Automatic Tracking of Measurability
Introduction
The automatic tracking of measurability has been part of finmath-lib since its earliest version (≈ 2004). It adds a method to random variables to inspect their measurability. Its concept and implementation is similar to a forward mode automatic differentiation, in the sense that each operator is augmented with a corresponding operation on measurability and certain random variables (constants, Brownian increments) are initialized with specific values.
Definition
For a random variable X we define a map T : X → [-∞ , ∞) such that for for t ≥ T(X) it is guaranteed that X is Ft-measurable. It is not guaranteed that T(X) is the smallest such number, although in most cases the implementation can provide the smallest time.
Applications
Originally the concept was introduces as a safe-guard in least-square-estimates of the conditional expectation (American Monte-Carlo), to ensure that the regression basis functions are Ft-measurable if used in an Ft-conditional expectation. However, the concept allows for important optimizations in the context of stochastic automatic differentiation: it may be used to detect cases where the computationally expensive conditional expectation operator can be avoided. It is:
Implementation
Then random variable interface net.finmath.stochastic.RandomVariable
provides a method getFiltrationTime()
implementing T(X) such that for a random variable X represented by the object X
and t calculated by t = X.getFiltrationTime()

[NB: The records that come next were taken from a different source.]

Lemma form_trace_rotate l e : unit_vec e ->
  Phi (l ++ [:: e; e]) + Phi (l ++ [:: normal e; normal e]) =
  Phi (l ++ [:: e_x; e_x]) + Phi (l ++ [:: e_y; e_y]).
Proof.
move=> ue.
have expand v w : Phi (l ++ [:: v; w]) =
    v.1 * (w.1 * Phi (l ++ [:: e_x; e_x]) + w.2 * Phi (l ++ [:: e_x; e_y])) +
    v.2 * (w.1 * Phi (l ++ [:: e_y; e_x]) + w.2 * Phi (l ++ [:: e_y; e_y])).
  have last_slot z : Phi (l ++ [:: z; w]) =
      w.1 * Phi (l ++ [:: z; e_x]) + w.2 * Phi (l ++ [:: z; e_y]).
    have lz x : l ++ [:: z; x] = (l ++ [:: z]) ++ [:: x] by rewrite -catA.
    by rewrite !lz {1}(pair_decomp w) Phi_lin.
  by rewrite {1}(pair_decomp v) Phi_lin !last_slot.
rewrite (expand e e) (expand (normal e) (normal e)) (Phi_swap l [::] e_y e_x) /=.
by rewrite -[RHS]mul1r -ue; ring.
Qed.

Lemma sym_traceless_form_eq e m : unit_vec e ->
  (forall l, (size l + 2 = m.+1)%N ->
     Phi (l ++ [:: e; e]) + Phi (l ++ [:: normal e; normal e]) = 0) ->
  Phi (nseq m e ++ [:: normal e]) = 0 ->
  forall l, size l = m.+1 -> Phi l = Phi (nseq m.+1 e) * re_monomial e l.
Proof.
move=> ue trace0 Pef l sl; apply/eqP; rewrite -subr_eq0; apply/eqP; move: l sl.
set c := Phi (nseq m.+1 e).
apply: (@sym_form_eq0 _ _ (fun l => Phi l - c * re_monomial e l) _ _ e (normal e)) => /=.
- by move=> *; rewrite Phi_lin re_monomial_lin; ring.
- by move=> *; rewrite Phi_swap re_monomial_swap.
- exact: unit_frame_decomp.
- move=> l sl; rewrite addrACA trace0 // -opprD -mulrDr.
  by rewrite (@re_monomial_trace _ _ ue) mulr0 subr0.
- by rewrite (@re_monomial_nseq _ _ ue m.+1) mulr1 subrr.
- by rewrite Pef (@re_monomial_normal _ _ ue) mulr0 subr0.
Qed.

End PlaneForms.

Definition derive_seq {R : realType} (l : seq (R * R)) (F : R * R -> R) : R * R -> R :=
  foldr (fun v G => 'D_v G) F l.

Lemma derive_seq_cat {R : realType} (l1 l2 : seq (R * R)) F :
  derive_seq (l1 ++ l2) F = derive_seq l1 (derive_seq l2 F).
Proof. exact: foldr_cat. Qed.

Lemma derive_seq_nseq {R : realType} k (v : R * R) F :
  derive_seq (nseq k v) F = iter k (fun G => 'D_v G) F.
Proof. by elim: k => //= k ->. Qed.

Lemma pdiff_derive_seq {R : realType} (F : R * R -> R) i j :
  pdiff F i j = derive_seq (nseq i e_x ++ nseq j e_y) F.
Proof. by rewrite derive_seq_cat !derive_seq_nseq. Qed.

Lemma derive_comb_dir {R : realType} (F : R * R -> R) p (a b : R) (v w : R * R) :
  differentiable F p -> 'D_(a *: v + b *: w) F p = a * 'D_v F p + b * 'D_w F p.
Proof. by move=> dF; rewrite !deriveE // linearD !linearZ. Qed.

Lemma derive_comb {R : realType} (F G : R * R -> R) (a b : R) v p :
  differentiable F p -> differentiable G p ->
  'D_v (a *: F + b *: G) p = a * 'D_v F p + b * 'D_v G p.
Proof.
move=> /diff_derivable dF /diff_derivable dG.
by rewrite deriveD ?deriveZ //; apply: derivableZ.
Qed.

Lemma fun_combE (T : Type) (K : pzRingType) (V : lmodType K) (a b : K) (f g : T -> V) x :
  (a *: f + b *: g) x = a *: f x + b *: g x.
Proof. by []. Qed.

Section SmoothFunctions.
Variables (R : realType) (Omega : set (R * R)).
Hypothesis Omega_open : open Omega.
Implicit Types (F G : R * R -> R) (p : R * R).

Lemma Omega_near {p} : Omega p -> \forall q \near p, Omega q.
Proof. by move=> Op; apply: open_nbhs_nbhs. Qed.

Lemma eq_in_derive {F G} v : {in Omega, F =1 G} -> {in Omega, 'D_v F =1 'D_v G}.
Proof.
move=> FG p; rewrite inE => Op; apply: near_eq_derive.
by move: (Omega_near Op); apply: filterS => q Oq; apply: FG; rewrite inE.
Qed.

Lemma eq_in_differentiable {F G p} : {in Omega, F =1 G} -> Omega p ->
  differentiable F p -> differentiable G p.
Proof.
move=> FG Op; apply: near_eq_differentiable.
by move: (Omega_near Op); apply: filterS => q Oq; apply: FG; rewrite inE.
Qed.

Lemma eq_in_derive_seq l {F G} : {in Omega, F =1 G} ->
  {in Omega, derive_seq l F =1 derive_seq l G}.
Proof. by move=> FG; elim: l => //= v l IH; exact: eq_in_derive. Qed.

Lemma smooth_on_eq_in {F G} : {in Omega, F =1 G} -> smooth_on Omega F -> smooth_on Omega G.
Proof.
move=> FG sF i j p Op; have := sF i j p Op; rewrite !pdiff_derive_seq.
exact: eq_in_differentiable (eq_in_derive_seq _ FG) Op.
Qed.

Lemma smooth_on_differentiable {F p} : smooth_on Omega F -> Omega p -> differentiable F p.
Proof. by move=> sF; exact: (sF 0%N 0%N). Qed.

Lemma smooth_on_dy {F} : smooth_on Omega F -> smooth_on Omega (dy F).
Proof. by move=> sF i j; rewrite /pdiff -iterSr; exact: sF. Qed.

Lemma deriveC_on F v w p : (forall q, Omega q -> differentiable F q) -> Omega p ->
  differentiable ('D_v F) p -> differentiable ('D_w F) p ->
  'D_w ('D_v F) p = 'D_v ('D_w F) p.
Proof.
move=> dF /Omega_near /nbhs_normP[r /= r0 Br].
apply: (deriveC r0) => // q pq.
exact: dF (Br _ pq).
Qed.

Lemma smooth_on_dx {F} : smooth_on Omega F -> smooth_on Omega (dx F).
Proof.
move=> sF.
have dx_dy j : {in Omega, iter j (@dy R) (dx F) =1 dx (iter j (@dy R) F)}.
  elim: j => [//|j IH] p Op /=.
  rewrite -[LHS]/('D_e_y (iter j (@dy R) (dx F)) p).
  rewrite (eq_in_derive _ IH Op); rewrite inE in Op.
  apply: (@deriveC_on (iter j (@dy R) F) e_x e_y p) => //.
  - by move=> q Oq; exact: (sF 0 j).
  - exact: (sF 1 j).
  - exact: (sF 0 j.+1).
move=> i j p Op; have := sF i.+1 j p Op; rewrite /pdiff iterSr.
apply: eq_in_differentiable Op.
elim: i => [|i IH] q Oq /=; first by rewrite dx_dy.
exact: (eq_in_derive _ IH Oq).
Qed.

Lemma pdiff_comb F G (a b : R) i j : smooth_on Omega F -> smooth_on Omega G ->
  {in Omega, pdiff (a *: F + b *: G) i j =1 a *: pdiff F i j + b *: pdiff G i j}.
Proof.
move=> sF sG; elim: i => [|i IH] p Op /=.
  elim: j p Op => [//|j IH] p Op /=.
  rewrite -[LHS]/('D_e_y (iter j (@dy R) (a *: F + b *: G)) p) (eq_in_derive _ IH Op).
  by rewrite inE in Op; exact: derive_comb (sF 0%N j p Op) (sG 0%N j p Op).
rewrite -[LHS]/('D_e_x (pdiff (a *: F + b *: G) i j) p) (eq_in_derive _ IH Op).
by rewrite inE in Op; exact: derive_comb (sF i j p Op) (sG i j p Op).
Qed.

Lemma smooth_on_comb {F G} (a b : R) : smooth_on Omega F -> smooth_on Omega G ->
  smooth_on Omega (a *: F + b *: G).
Proof.
move=> sF sG i j p Op; apply: (eq_in_differentiable _ Op).
  by move=> q Oq; rewrite pdiff_comb.
by apply: differentiableD; apply: differentiableZ; [exact: sF|exact: sG].
Qed.

Lemma smooth_on_derive v {F} : smooth_on Omega F -> smooth_on Omega ('D_v F).
Proof.
move=> sF; apply: (smooth_on_eq_in (F := v.1 *: dx F + v.2 *: dy F)).
  move=> p; rewrite inE => Op; rewrite [in RHS](pair_decomp v) derive_comb_dir //.
  exact: smooth_on_differentiable sF Op.
exact: smooth_on_comb (smooth_on_dx sF) (smooth_on_dy sF).
Qed.

Lemma smooth_on_derive_seq l {F} : smooth_on Omega F -> smooth_on Omega (derive_seq l F).
Proof. by move=> sF; elim: l => //= v l; exact: smooth_on_derive. Qed.

Lemma derive_seq_comb l (a b : R) {F G} : smooth_on Omega F -> smooth_on Omega G ->
  {in Omega, derive_seq l (a *: F + b *: G) =1
             a *: derive_seq l F + b *: derive_seq l G}.
Proof.
move=> sF sG; elim: l => [//|v l IH] p Op /=.
rewrite (eq_in_derive _ IH Op); rewrite inE in Op.
by apply: derive_comb; apply: smooth_on_differentiable Op; exact: smooth_on_derive_seq.
Qed.

Lemma derive_seq_swap l1 l2 v w F : smooth_on Omega F ->
  {in Omega, derive_seq (l1 ++ v :: w :: l2) F =1 derive_seq (l1 ++ w :: v :: l2) F}.
Proof.
move=> sF; rewrite !derive_seq_cat; apply: eq_in_derive_seq => p; rewrite inE => Op /=.
have sG := smooth_on_derive_seq l2 sF.
apply: deriveC_on => //; last 2 first.
- exact: smooth_on_differentiable (smooth_on_derive _ sG) Op.
- exact: smooth_on_differentiable (smooth_on_derive _ sG) Op.
by move=> q; exact: smooth_on_differentiable sG.
Qed.

Lemma derive_seq_lin l1 l2 (a b : R) v w F p : smooth_on Omega F -> Omega p ->
  derive_seq (l1 ++ (a *: v + b *: w) :: l2) F p =
  a * derive_seq (l1 ++ v :: l2) F p + b * derive_seq (l1 ++ w :: l2) F p.
Proof.
move=> sF Op; rewrite !derive_seq_cat /=.
have sG := smooth_on_derive_seq l2 sF.
have dir : {in Omega, 'D_(a *: v + b *: w) (derive_seq l2 F) =1
    a *: 'D_v (derive_seq l2 F) + b *: 'D_w (derive_seq l2 F)}.
  by move=> q; rewrite inE => Oq; apply: derive_comb_dir; exact: smooth_on_differentiable sG Oq.
have Op' : p \in Omega by rewrite inE.
rewrite (eq_in_derive_seq l1 dir Op').
by rewrite (derive_seq_comb l1 a b (smooth_on_derive v sG) (smooth_on_derive w sG)).
Qed.

(* Inside the segment the derivatives along [v] vanish with [G]; at the
   endpoint [x0] use continuity from the right. *)
Lemma derive_seq_nseq_eq0_on_segment G x0 v h : smooth_on Omega G -> 0 < h ->
  segment x0 v h `<=` Omega -> (forall p, segment x0 v h p -> G p = 0) ->
  forall k, derive_seq (nseq k v) G x0 = 0.
Proof.
move=> sG h0 segO G0 k.
have seg t : 0 <= t <= h -> segment x0 v h (x0 + t *: v) by exists t.
have open_seg t : 0 < t < h -> segment x0 v h (x0 + t *: v).
  by case/andP=> t0 th; apply: seg; rewrite !ltW.
have dG j p : segment x0 v h p -> differentiable (derive_seq (nseq j v) G) p.
  by move=> /segO; exact: smooth_on_differentiable (smooth_on_derive_seq _ sG).
have inner t : 0 < t < h -> derive_seq (nseq k v) G (x0 + t *: v) = 0.
  elim: k t => [|j IH] t th; first exact/G0/open_seg.
  rewrite /=; have [_ <-] := is_derive_line (dG j _ (open_seg t th)).
  rewrite (@near_eq_derive _ _ _ _ (cst 0)) ?derive_cst //.
  have tin : t \in `]0, h[ by rewrite in_itv.
  by apply: filterS (near_in_itvoo tin) => s; rewrite in_itv /=; exact: IH.
pose psi s := derive_seq (nseq k v) G (x0 + s *: v).
have seg0 : segment x0 v h (x0 + 0 *: v) by apply: seg; rewrite lexx ltW.
have [dpsi _] := is_derive_line (dG k _ seg0).
have psi_right : psi @ 0^'+ --> psi 0.
  by apply: cvg_at_right_filter; apply: differentiable_continuous; exact/derivable1_diffP.
have psi_right0 : psi @ 0^'+ --> (0 : R).
  apply: cvg_near_cst; near=> s; apply: inner; apply/andP; split; near: s.
    exact: nbhs_right_gt.
  exact: nbhs_right_lt.
by rewrite -[x0]addr0 -(scale0r v); exact: cvg_unique psi_right psi_right0.
Unshelve. all: by end_near. Qed.
End SmoothFunctions.


Section CornerCoefficients.
Variables (R : realType) (Omega : set (R * R)) (lambda C1 h theta : R).
Variables (u : R * R -> R) (x0 em ep : R * R).
Hypotheses (Omega_open : open Omega) (u_smooth : smooth_on Omega u).
Hypothesis helmholtz :
  forall p, Omega p -> - (pdiff u 2 0 p + pdiff u 0 2 p) = lambda * u p.
Hypotheses (h_gt0 : 0 < h) (em_unit : unit_vec em) (ep_rot : ep = rotate theta em).
Hypotheses (ep_sub : segment x0 ep h `<=` Omega) (em_sub : segment x0 em h `<=` Omega).
Hypotheses (ep_singular : singular_line u x0 ep h)
  (em_singular : gen_singular_line u (fun _ => C1) x0 em h).

Let coef l := derive_seq l u x0.

Let x0_in : Omega x0.
Proof.
apply: em_sub; exists 0; first by rewrite lexx ltW.
by case: x0 => a b; rewrite /ray_pt /= !mul0r !addr0.
Qed.

Let coef_lin l1 l2 (a b : R) v w :
  coef (l1 ++ (a *: v + b *: w) :: l2) = a * coef (l1 ++ v :: l2) + b * coef (l1 ++ w :: l2).
Proof. exact (derive_seq_lin Omega_open l1 l2 a b v w u_smooth x0_in). Qed.

Let coef_swap l1 l2 v w : coef (l1 ++ v :: w :: l2) = coef (l1 ++ w :: v :: l2).
Proof. exact (derive_seq_swap Omega_open l1 l2 v w u_smooth (mem_set x0_in)). Qed.

Lemma coef_trace l : coef (l ++ [:: e_x; e_x]) + coef (l ++ [:: e_y; e_y]) = - lambda * coef l.
Proof.
have comb a b F G : smooth_on Omega F -> smooth_on Omega G ->
    derive_seq l (a *: F + b *: G) x0 = a * derive_seq l F x0 + b * derive_seq l G x0.
  by move=> sF sG; exact (derive_seq_comb Omega_open l a b sF sG (mem_set x0_in)).
have helm p : Omega p ->
    derive_seq [:: e_x; e_x] u p + derive_seq [:: e_y; e_y] u p = - lambda * u p.
  move=> /helmholtz; rewrite !pdiff_derive_seq mulNr => <-.
  by rewrite -[nseq 2 _ ++ _]/[:: e_x; e_x] -[nseq 0 _ ++ _]/[:: e_y; e_y] opprK.
have sA := smooth_on_derive_seq Omega_open [:: e_x; e_x] u_smooth.
have sB := smooth_on_derive_seq Omega_open [:: e_y; e_y] u_smooth.
rewrite /coef !derive_seq_cat.
move: (derive_seq [:: e_x; e_x] u) (derive_seq [:: e_y; e_y] u) sA sB helm.
move=> A B sA sB helm.
have helm_in : {in Omega, 1 *: A + 1 *: B =1 (- lambda) *: u + 0 *: u}.
  move=> p; rewrite inE => Op.
  by rewrite !fun_combE !scale1r scale0r addr0 helm.
have := comb 1 1 _ _ sA sB.
rewrite (eq_in_derive_seq Omega_open l helm_in (mem_set x0_in)) comb //.
by rewrite !mul1r mul0r addr0 => <-.
Qed.

Lemma coef_gen_singular m : coef (nseq m em ++ [:: normal em]) = - C1 * coef (nseq m em).
Proof.
have sN := smooth_on_derive Omega_open (normal em) u_smooth.
have sG := smooth_on_comb Omega_open 1 C1 sN u_smooth.
have G0 : forall p, segment x0 em h p -> (1 *: 'D_(normal em) u + C1 *: u) p = 0.
  by move=> p /em_singular; rewrite fun_combE scale1r.
have := derive_seq_comb Omega_open (nseq m em) 1 C1 sN u_smooth (mem_set x0_in).
rewrite (derive_seq_nseq_eq0_on_segment Omega_open sG h_gt0 em_sub G0) fun_combE scale1r.
by rewrite /coef derive_seq_cat => /esym /eqP; rewrite addr_eq0 mulNr => /eqP.
Qed.

Lemma coef_singular m : coef (nseq m ep ++ [:: normal ep]) = 0.
Proof.
rewrite /coef derive_seq_cat.
exact (derive_seq_nseq_eq0_on_segment Omega_open (smooth_on_derive Omega_open _ u_smooth)
  h_gt0 ep_sub ep_singular m).
Qed.

Lemma coef_vanish_step m : sin (m.+1%:R * theta) != 0 ->
  (forall l, (size l <= m)%N -> coef l = 0) -> forall l, size l = m.+1 -> coef l = 0.
Proof.
move=> sin_neq0 low.
have trace l : (size l + 2 = m.+1)%N ->
    coef (l ++ [:: em; em]) + coef (l ++ [:: normal em; normal em]) = 0.
  move=> sl; rewrite (form_trace_rotate coef_lin coef_swap l em_unit) coef_trace.
  by rewrite low ?mulr0 //; lia.
have ef : coef (nseq m em ++ [:: normal em]) = 0.
  by rewrite coef_gen_singular low ?size_nseq // mulr0.
have harm := sym_traceless_form_eq coef_lin coef_swap em_unit trace ef.
have c0 : coef (nseq m.+1 em) = 0.
  have := harm (nseq m ep ++ [:: normal ep]).
  rewrite size_cat size_nseq addn1 coef_singular ep_rot (re_monomial_rotate em_unit).
  move=> /(_ erefl) /esym /eqP; rewrite mulf_eq0 oppr_eq0 (negPf sin_neq0) orbF.
  by move/eqP.
by move=> l sl; rewrite harm // c0 mul0r.
Qed.

End CornerCoefficients.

it is guaranteed that X is Ft-measurable (note again: it is not guaranteed that t is the smallest such number, although in most cases the implementation can provide the smallest time).
The implementation is similar to a forward mode automatic differentiation, where the operator on random variables is augmented by additional operations on the filtration time:
Let T(X) denote the filtration time of X, i.e., T(X) = X.getFiltrationTime()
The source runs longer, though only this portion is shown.